Zientzilaria

Covering the bioinformatics niche and much more

GenBank Parsing: Part II

| Comments

Last thing we saw in the previous entry was the function to parse a GenBank file in order to get the DNA sequences of an annotated gene. This time we will dissect the function.

1
2
3
4
5
6
7
8
9
10
11
12
13
14
15
16
17
18
19
20
21
22
23
24
25
def parse_entry(gene_data):
    #changes a string to list, splitting at line ends
    gene_data = gene_data.split('\n')
    start, end = 0, 0
    gi_id = ''
    id = ''
    complement = False
    for line in gene_data:
        if line.find('  CDS  ') >=0:
            temp = line.split()
            if temp[1].find('complement') >= 0:
                complement = True
                temp[1] = temp[1].replace('complement(', '')
                temp[1] = temp[1].replace(')', '')
            temp2 = temp[1].split('..')
            start = temp2[0]
            end = temp2[1]
        elif line.find('GI:') >= 0:
            gi_id = 'gi' + line[line.find('GI:')+3:-1]
        elif line.find('/product') >=0:
            id = line[line.find('=') + 2:-1]
        elif line.find('protein_id') >= 0:
            id += '\t' + line[line.find('=') + 2: -1]

    return CDSinfo(gi_id, id, start, end, complement)
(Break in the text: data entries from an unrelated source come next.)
(* Assume the standing setup. Let $\lambda\in\mathbb R\setminus\overline{\mathrm{Supp}(\mu_X)}$ and let $\tilde{\mathbf g}\in(\mathbb R\setminus\{0\})^K$ be any solution of the QVE $\mathbf 1_K=\lambda\tilde{\mathbf g}-\tilde{\mathbf g}\odot\boldsymbol\Gamma_K(\tilde{\mathbf g}-\mathbf 1_K)$. Then $\tilde{\mathbf g}=\mathbf g(\lambda)$ if and only if the linear system $(\mathbf D_{\tilde{\mathbf g}}^{-2}-\boldsymbol\Gamma_K)\mathbf y=\mathbf 1_K$ admits a unique solution $\mathbf y$, and this solution satisfies $\mathbf y\succ\mathbf 0_K$.
   Context: Standing setup: $K\ge1$, $\boldsymbol\rho=(\rho_k)$ with $\rho_k\in(0,1)$, $\sum\rho_k=1$; $\mathbf S_K=(s_{kl})$ symmetric $K\times K$ with $s_{kl}>0$; $\boldsymbol\Gamma_K=\mathbf S_K\mathbf D_{\boldsymbol\rho}$ where $\mathbf D_{\mathbf v}$ is the diagonal matrix with diagonal $\mathbf v$. The random matrix $\mathbf X=\mathbf H\odot\boldsymbol\Sigma^{\odot1/2}-N^{-1/2}\mathrm{Diag}(\boldsymbol\Sigma\mathbf 1)$, where $[N]$ is split into consecutive blocks $B_1,\dots,B_K$ with $|B_k|/N\to\rho_k$, $\Sigma_{ij}=s_{kl}$ for $i\in B_k,j\in B_l$, $\mathbf H$ symmetric with independent standard Gaussian entries on and above the diagonal, $\odot$ Hadamard product. $\mu_X$ is the a.s. limiting spectral distribution of $\mathbf X/\sqrt N$. QVE: for $z\in\mathbb H_-=\{\Im z<0\}$, $\mathbf g(z)\in(\mathbb H_+)^K$ is the unique solution in $(\mathbb H_+)^K$ of $\mathbf 1_K=z\mathbf g-\mathbf g\odot\boldsymbol\Gamma_K(\mathbf g-\mathbf 1_K)$; $\sum_k\rho_kg_k$ is the Stieltjes transform $\int(z-\lambda)^{-1}d\mu_X$; $\mathbf g$ extends continuously to $\mathbb H_-\cup\mathbb R$ and analytically off $\mathrm{Supp}(\mu_X)$, and $\mathbf g(\lambda)$ for real $\lambda$ denotes this extension. $\succ$ is entrywise strict inequality. *)

From mathcomp Require Import all_boot all_order all_algebra.
From mathcomp Require Import all_classical all_reals all_analysis.
From mathcomp Require Import complex.
Import Order.TTheory GRing.Theory Num.Theory.
Import numFieldNormedType.Exports.

Set Implicit Arguments.
Unset Strict Implicit.
Unset Printing Implicit Defensive.

Local Open Scope ring_scope.
Local Open Scope complex_scope.

Definition hadamard (F : pzRingType) m n (A B : 'M[F]_(m, n)) : 'M[F]_(m, n) :=
  map2_mx *%R A B.

Definition GammaK (R : pzRingType) K (S : 'M[R]_K) (rho : 'rV[R]_K) : 'M[R]_K :=
  S *m diag_mx rho.

Definition QVE (F : fieldType) K (G : 'M[F]_K) (z : F) (g : 'cV[F]_K) : Prop :=
  const_mx 1 = z *: g - hadamard g (G *m (g - const_mx 1)).

Definition cmx (R : rcfType) m n (A : 'M[R]_(m, n)) : 'M[R[i]]_(m, n) :=
  map_mx (fun x => x%:C) A.

Definition msupport (R : realType) (mu : probability R R) : set R :=
  [set x | forall e : R, 0 < e -> (0 < mu (ball x e))%E].

(* Stieltjes transform  z |-> \int (z - x)^{-1} dmu(x)  (integral of a complex
   function = integral of its real part + i * integral of its imaginary part). *)
Definition stieltjes (R : realType) (mu : probability R R) (z : R[i]) : R[i] :=
  (Rintegral mu setT (fun x : R => complex.Re ((z - x%:C)^-1)))
  +i* (Rintegral mu setT (fun x : R => complex.Im ((z - x%:C)^-1))).

(* g(z) -> v as z -> lam within the open lower half-plane H_- (this defines
   the value at lam of the continuous extension of g to H_- \cup R). *)
Definition lim_lower (R : rcfType) K (g : R[i] -> 'cV[R[i]]_K) (lam : R)
    (v : 'cV[R[i]]_K) : Prop :=
  forall e : R, 0 < e -> exists2 d : R, 0 < d &
    forall z : R[i], complex.Im z < 0 -> ComplexField.Normc.normc (z - lam%:C) < d ->
      forall k : 'I_K, ComplexField.Normc.normc (g z k 0 - v k 0) < e.

(* For [z] in the lower half-plane, the imaginary part of the QVE says that
   [u := Im g(z) > 0] solves [(D_{|g(z)|}^-2 - Gamma) u = - Im z], and since
   [sum_k rho_k g_k] is the Stieltjes transform of a measure with no mass near
   [lam], [Im g(z) = O(- Im z)] for [z] near [lam].  Both directions rest on a
   discrete minimum principle for [diag a - G] with [G >= 0]: evaluating at the
   index where [w / u] is extremal, a positive [u] with [(diag a - G) u > 0]
   controls every [w] from below and from above.
   If [g(lam - i eps) -> gt], the operators [D_{|g|}^-2 - Gamma] tend to
   [M := D_gt^-2 - Gamma] and the minimum principle survives the limit:
   [M w >= 0] forces [w >= 0], so [M] is invertible and [M^-1 1 > 0].
   Conversely, if [M y = 1] with [y > 0], the geometric mean
   [p := sqrt (y Im g(z) / - Im z)] is (by AM-GM) a supersolution of
   [D_{|g||gt|}^-1 - Gamma], whereas the difference of the two QVEs gives
   [(D_{|g||gt|}^-1 - Gamma) |g - gt| <= |z - lam|]; hence
   [|g(z) - gt| <= |z - lam| p], and [p] is bounded. *)

From mathcomp Require Import all_boot all_order all_algebra.
From mathcomp Require Import all_classical all_reals all_analysis.
From mathcomp Require Import complex.
From mathcomp Require Import ring lra.
Import Order.TTheory GRing.Theory Num.Theory.
Import numFieldNormedType.Exports.

Set Implicit Arguments.
Unset Strict Implicit.
Unset Printing Implicit Defensive.

Local Open Scope ring_scope.
Local Open Scope complex_scope.

Definition diagsub (R : pzRingType) K (a : 'I_K -> R) (G : 'M[R]_K) (w : 'I_K -> R) k :=
  a k * w k - \sum_l G k l * w l.

Lemma diagsubZ (R : comPzRingType) K a (G : 'M[R]_K) (t : R) w k :
  diagsub a G (fun l => t * w l) k = t * diagsub a G w k.
Proof.
rewrite /diagsub mulrBr mulr_sumr mulrCA; congr (_ - _).
by apply: eq_bigr => l _; rewrite mulrCA.
Qed.

Lemma diagsubN (R : comPzRingType) K a (G : 'M[R]_K) w k :
  diagsub a G (fun l => - w l) k = - diagsub a G w k.
Proof.
rewrite -mulN1r -diagsubZ; congr diagsub.
by apply/funext => l; rewrite mulN1r.
Qed.

Lemma mulmx_diag_sub_entry (F : fieldType) n (G : 'M[F]_n) (h w : 'cV[F]_n) k :
  ((diag_mx (map_mx (fun x => x ^- 2) h^T) - G) *m w) k 0
    = diagsub (fun l => (h l 0 ^+ 2)^-1) G (fun l => w l 0) k.
Proof. by rewrite mulmxBl mul_diag_mx !mxE. Qed.

Lemma GammaK_ge0 (R : numDomainType) K (S : 'M[R]_K) (rho : 'rV[R]_K) :
  (forall k l, 0 <= S k l) -> (forall k, 0 <= rho 0 k) ->
  forall k l, 0 <= GammaK S rho k l.
Proof. by move=> S_ge0 rho_ge0 k l; rewrite /GammaK mul_mx_diag mxE mulr_ge0. Qed.

Lemma unitmx_of_ker0 (F : fieldType) n (M : 'M[F]_n) :
  (forall w : 'cV_n, M *m w = 0 -> w = 0) -> M \in unitmx.
Proof.
move=> M_ker0; rewrite -unitmx_tr -row_free_unit; apply: inj_row_free => v vMT0.
apply: trmx_inj; rewrite trmx0; apply: M_ker0.
by rewrite -[M]trmxK -trmx_mul vMT0 trmx0.
Qed.

Lemma exists_arg_min d (T : orderType d) n (F : 'I_n -> T) (i0 : 'I_n) :
  exists j, forall k, (F j <= F k)%O.
Proof.
have [j _ Hj] := Order.TotalTheory.arg_minP F (i0 := i0) isT.
by exists j => k; apply: Hj.
Qed.

Section MinimumPrinciple.
Variables (R : realFieldType) (K : nat) (G : 'M[R]_K).
Hypothesis G_ge0 : forall k l, 0 <= G k l.
Implicit Types (a p u w x : 'I_K -> R) (eps d : R).

Lemma diagsub_min_ratio a p w j : (forall k, 0 < p k) ->
  (forall k, w j / p j <= w k / p k) ->
  diagsub a G w j <= w j / p j * diagsub a G p j.
Proof.
move=> p_gt0 Hj; rewrite /diagsub mulrBr.
have -> : w j / p j * (a j * p j) = a j * w j by field; rewrite gt_eqF.
rewrite lerD2l lerN2 mulr_sumr; apply: ler_sum => l _.
rewrite mulrCA; apply: ler_wpM2l => //.
by have := Hj l; rewrite ler_pdivlMr.
Qed.

Lemma diagsub_lower_bound a u eps w : (0 < K)%N ->
  (forall k, 0 < u k) -> 0 < eps -> (forall k, diagsub a G u k = eps) ->
  exists j, forall k, diagsub a G w j / eps * u k <= w k.
Proof.
move=> K_gt0 u_gt0 eps_gt0 Hu.
have [j Hj] := exists_arg_min (fun k => w k / u k) (Ordinal K_gt0).
exists j => k.
have Hwj : diagsub a G w j / eps <= w j / u j.
  by rewrite ler_pdivrMr // -(Hu j); apply: diagsub_min_ratio.
apply: (le_trans (ler_wpM2r (ltW (u_gt0 k)) Hwj)).
by have := Hj k; rewrite ler_pdivlMr.
Qed.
First things first. As in the CDS/protein parsing example, the function receives a string and it is easier for us to operate with lists, so we split the string at the carriage returns. This time we also need to check for the start and end positions of the gene in the long string that is the DNA sequence of a GenBank file, so we just declare a couple of integers start and end. We also have a couple of strings to receive the gi ID and the gene product (id). And finally a boolean, that will tell us if the sequence in question is on the DNA complement strand, meaning it is a reverse complement of the DNA that is stored in the file. So we start our loop checking for the elements of each line. If we find a ' CDS ' we know that we can extract the start and end positions of the gene

1
2
3
4
5
6
7
8
9
if line.find('  CDS  ') >=0:
    temp = line.split()
    if temp[1].find('complement') >= 0:
        complement = True
        temp[1] = temp[1].replace('complement(', '')
        temp[1] = temp[1].replace(')', '')
    temp2 = temp[1].split('..')
    start = temp2[0]
    end = temp2[1]

We use temporary list and split the line at the spaces and then move to get the information from it. If the line is a reverse complement we remove the word from the entry and the parentheses. Whenever the gene annotation relates to the complement strand the entry is as such complement(10728..11330). We then use another temp object and split the second element in the split line and separate it at the double dots. From this latter split, we end up with two elements, the first is the start position and the second the end position of the gene. To extract the other information everything works as the previous script, basically checking for the presence of certain words in the each line. In the end we return an instance of the class CDSinfo which will be used to extract the DNA sequence.